Collected data entries:
○ ○ ○ ○
Lemma le_mean_tail_gap c e : 0 <= c -> 0 < e ->
  (forall s, 0 < s -> 1 - cdfR g2 s <= 1 - cdfR g1 s) ->
  (forall s, 0 < s -> s < e -> 1 - cdfR g2 s + c <= 1 - cdfR g1 s) ->
  c * e <= m.
Proof.
move=> c0 e0 tail_le tail_gap.
pose k s := c * \1_`]0%R, e[ s.
have k0 s : 0 <= k s by rewrite mulr_ge0.
have mk : measurable_fun (`]0%R, +oo[ : set R) (fun s => (k s)%:E).
  by apply/measurable_EFinP/measurable_funM => //; exact: measurable_indic.
have int_k : (\int[mu]_(s in `]0%R, +oo[) (k s)%:E = (c * e)%:E)%E.
  under eq_integral do rewrite EFinM.
  rewrite ge0_integralZl_EFin//; last exact/measurable_EFinP/measurable_indic.
  rewrite integral_indic// setIidl; last by apply: subset_itvl; rewrite bnd_simp.
  by rewrite [X in (_ * X)%E]lebesgue_measure_itv/= lte_fin e0 EFinN sube0 -EFinM.
have : (\int[mu]_(s in `]0%R, +oo[) (1 - cdfR g2 s)%:E + (c * e)%:E <=
        \int[mu]_(s in `]0%R, +oo[) (1 - cdfR g1 s)%:E)%E.
  rewrite -int_k -ge0_integralD//.
  - apply: ge0_le_integral => //.
    + move=> s _; apply: adde_ge0; rewrite lee_fin ?k0//.
      exact: density_tail_ge0.
    + by apply: emeasurable_funD => //; exact: measurable_density_tail.
    + exact: measurable_density_tail.
    + move=> s; rewrite /= in_itv/= andbT => s0; rewrite -EFinD lee_fin /k indicE.
      have [se|es] := ltP s e.
        by rewrite mem_set ?mulr1 ?tail_gap//= in_itv/= s0.
      by rewrite memNset ?mulr0 ?addr0 ?tail_le//= in_itv/= s0 ltNge es.
  - by move=> s _; rewrite lee_fin; exact: density_tail_ge0.
  - exact: measurable_density_tail.
  - by move=> s _; rewrite lee_fin.
have := mean_tail_difference.
rewrite -(fineK (density_tail_integral_fin_num _ dg1 ig1)).
rewrite -(fineK (density_tail_integral_fin_num _ dg2 ig2)).
move=> mE; rewrite -EFinB in mE; rewrite -EFinD lee_fin (EFin_inj mE); lra.
Qed.

End mean_tail_difference.

Lemma integral_gt0 d (T : measurableType d) (R : realType)
    (mu : {measure set T -> \bar R}) (B : set T) (k : T -> R) :
  measurable B -> measurable_fun B k -> (forall t, B t -> 0 < k t) ->
  (0 < mu B)%E -> (0 < \int[mu]_(t in B) (k t)%:E)%E.
Proof.
move=> mB mk k_gt0 muB_gt0.
rewrite lt0e integral_ge0 ?andbT; last by move=> t /k_gt0/ltW; rewrite lee_fin.
apply/negP => /eqP int_k0.
have /(ae_eq_integral_abs mu mB ((measurable_EFinP _ _).2 mk)) [N [mN N0 BN]] :
    (\int[mu]_(t in B) `|(k t)%:E| = 0)%E.
  rewrite -int_k0; apply: eq_integral => t /set_mem Bt.
  by rewrite gee0_abs// lee_fin ltW// k_gt0.
suff : (mu B <= mu N)%E by rewrite N0 leNgt muB_gt0.
apply: le_measure; rewrite ?inE// => t Bt; apply: BN => /= /(_ Bt) /eqP.
by rewrite eqe gt_eqF// k_gt0.
Qed.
○ ○ ○ ○
**What is expected**
Output the first line of the entries above and every line after it, exactly as written, ending with the line that contains "by rewrite [X".

**Response box**
Lemma le_mean_tail_gap c e : 0 <= c -> 0 < e ->
  (forall s, 0 < s -> 1 - cdfR g2 s <= 1 - cdfR g1 s) ->
  (forall s, 0 < s -> s < e -> 1 - cdfR g2 s + c <= 1 - cdfR g1 s) ->
  c * e <= m.
Proof.
move=> c0 e0 tail_le tail_gap.
pose k s := c * \1_`]0%R, e[ s.
have k0 s : 0 <= k s by rewrite mulr_ge0.
have mk : measurable_fun (`]0%R, +oo[ : set R) (fun s => (k s)%:E).
  by apply/measurable_EFinP/measurable_funM => //; exact: measurable_indic.
have int_k : (\int[mu]_(s in `]0%R, +oo[) (k s)%:E = (c * e)%:E)%E.
  under eq_integral do rewrite EFinM.
  rewrite ge0_integralZl_EFin//; last exact/measurable_EFinP/measurable_indic.
  rewrite integral_indic// setIidl; last by apply: subset_itvl; rewrite bnd_simp.
  by rewrite [X in (_ * X)%E]lebesgue_measure_itv/= lte_fin e0 EFinN sube0 -EFinM.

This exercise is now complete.